▶ **YOUR TASK**
Each line of the data below that contains "Inductive" must be copied.

▶ **Collected data**
==============================

(* Let $m\ge 4$ be an integer. For every $f:\{0,1\}^N\to\{0,1\}$, $$C^{*,\oplus}(f\circ\mathrm{IND}_m^N)\ge \tfrac12\, C^{dt}(f)\log_2 m.$$ Furthermore, for every relation $R\subseteq\{0,1\}^N\times W$, $$C^{*,\oplus}(R\circ\mathrm{IND}_m^N)\ge\tfrac12\,C^{dt}(R)\log_2 m.$$
   Context: $\mathrm{IND}_m:[m]\times\{0,1\}^m\to\{0,1\}$, $\mathrm{IND}_m(x,y)=y_x$; $\mathrm{IND}_m^N(x,y)=(\mathrm{IND}_m(x_i,y_i))_{i\in[N]}$ for $x\in[m]^N$ (Alice's input) and $y\in(\{0,1\}^m)^N$ (Bob's input, viewed as a vector in $\mathbb{F}_2^{[N]\times[m]}$). The lifted function is $(f\circ\mathrm{IND}_m^N)(x,y)=f(\mathrm{IND}_m^N(x,y))$; the lifted relation $R\circ\mathrm{IND}_m^N$ relates $(x,y)$ to $w$ iff $(\mathrm{IND}_m^N(x,y),w)\in R$. A $( *,\oplus)$-protocol (semi-structured protocol) is a deterministic two-party communication protocol in which Alice may send arbitrary functions of her input (and the transcript so far) but each bit Bob sends is a parity $\bigoplus_{(i,j)\in S}y_{i,j}$ of his input bits, with $S$ depending on the transcript so far. $C^{*,\oplus}(F)$ is the minimum worst-case number of bits communicated by a $( *,\oplus)$-protocol computing $F$; for a relation, the protocol on input $(x,y)$ must output some $w$ related to $(x,y)$ (or $\bot$ if none exists). $C^{dt}(f)$ (resp. $C^{dt}(R)$) is the minimum height of a decision tree querying bits of $z\in\{0,1\}^N$ that computes $f$ (resp. outputs some $w$ with $(z,w)\in R$, or $\bot$ if no such $w$ exists). *)

From Stdlib Require Import Reals.
From mathcomp Require Import all_boot.
Set Implicit Arguments. Unset Strict Implicit. Unset Printing Implicit Defensive.

Definition Ain (N m : nat) := {ffun 'I_N -> 'I_m}.
Definition Bin (N m : nat) := {ffun 'I_N -> {ffun 'I_m -> bool}}.
Definition Zin (N : nat) := {ffun 'I_N -> bool}.

Definition INDN (N m : nat) (x : Ain N m) (y : Bin N m) : Zin N :=
  [ffun i => y i (x i)].

Definition parity (N m : nat) (S : {set 'I_N * 'I_m}) (y : Bin N m) : bool :=
  \big[addb/false]_(p in S) y p.1 p.2.

Inductive dtree (N : nat) (O : Type) : Type :=
| DLeaf of O
| DQuery of 'I_N & dtree N O & dtree N O.

Fixpoint dt_eval N O (T : dtree N O) (z : Zin N) : O :=
  match T with
  | DLeaf o => o
  | DQuery i T0 T1 => if z i then dt_eval T1 z else dt_eval T0 z
  end.

Fixpoint dt_queries N O (T : dtree N O) (z : Zin N) : nat :=
  match T with
  | DLeaf _ => 0
  | DQuery i T0 T1 => (if z i then dt_queries T1 z else dt_queries T0 z).+1
  end.

Definition dt_cost N O (T : dtree N O) : nat := \max_(z : Zin N) dt_queries T z.

(* Transcript dependence is encoded by the position in the protocol tree.   *)
Inductive xprot (N m : nat) (O : Type) : Type :=
| PLeaf of O
| PAlice of (Ain N m -> bool) & xprot N m O & xprot N m O
| PBob of {set 'I_N * 'I_m} & xprot N m O & xprot N m O.

Fixpoint xp_eval N m O (P : xprot N m O) (x : Ain N m) (y : Bin N m) : O :=
  match P with
  | PLeaf o => o
  | PAlice a P0 P1 => if a x then xp_eval P1 x y else xp_eval P0 x y
  | PBob Sb P0 P1 => if parity Sb y then xp_eval P1 x y else xp_eval P0 x y
  end.

Fixpoint xp_bits N m O (P : xprot N m O) (x : Ain N m) (y : Bin N m) : nat :=
  match P with
  | PLeaf _ => 0
  | PAlice a P0 P1 => (if a x then xp_bits P1 x y else xp_bits P0 x y).+1
  | PBob Sb P0 P1 => (if parity Sb y then xp_bits P1 x y else xp_bits P0 x y).+1
  end.

Definition xp_cost N m O (P : xprot N m O) : nat :=
  \max_(x : Ain N m) \max_(y : Bin N m) xp_bits P x y.

(* An output in option W (None = ⊥) is correct for R on z. *)
Definition rel_ok (N : nat) (W : Type) (R : Zin N -> W -> Prop) (z : Zin N)
  (o : option W) : Prop :=
  match o with
  | Some w => R z w
  | None => forall w, ~ R z w
  end.

Definition dt_computes_fun N (f : Zin N -> bool) (T : dtree N bool) : Prop :=
  forall z, dt_eval T z = f z.

Definition dt_computes_rel N W (R : Zin N -> W -> Prop) (T : dtree N (option W)) : Prop :=
  forall z, rel_ok R z (dt_eval T z).

Definition xp_computes_lifted_fun N m (f : Zin N -> bool) (P : xprot N m bool) : Prop :=
  forall x y, xp_eval P x y = f (INDN x y).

==============================

▶ **THE COMPLETED TASK**
Inductive dtree (N : nat) (O : Type) : Type :=
Inductive xprot (N m : nat) (O : Type) : Type :=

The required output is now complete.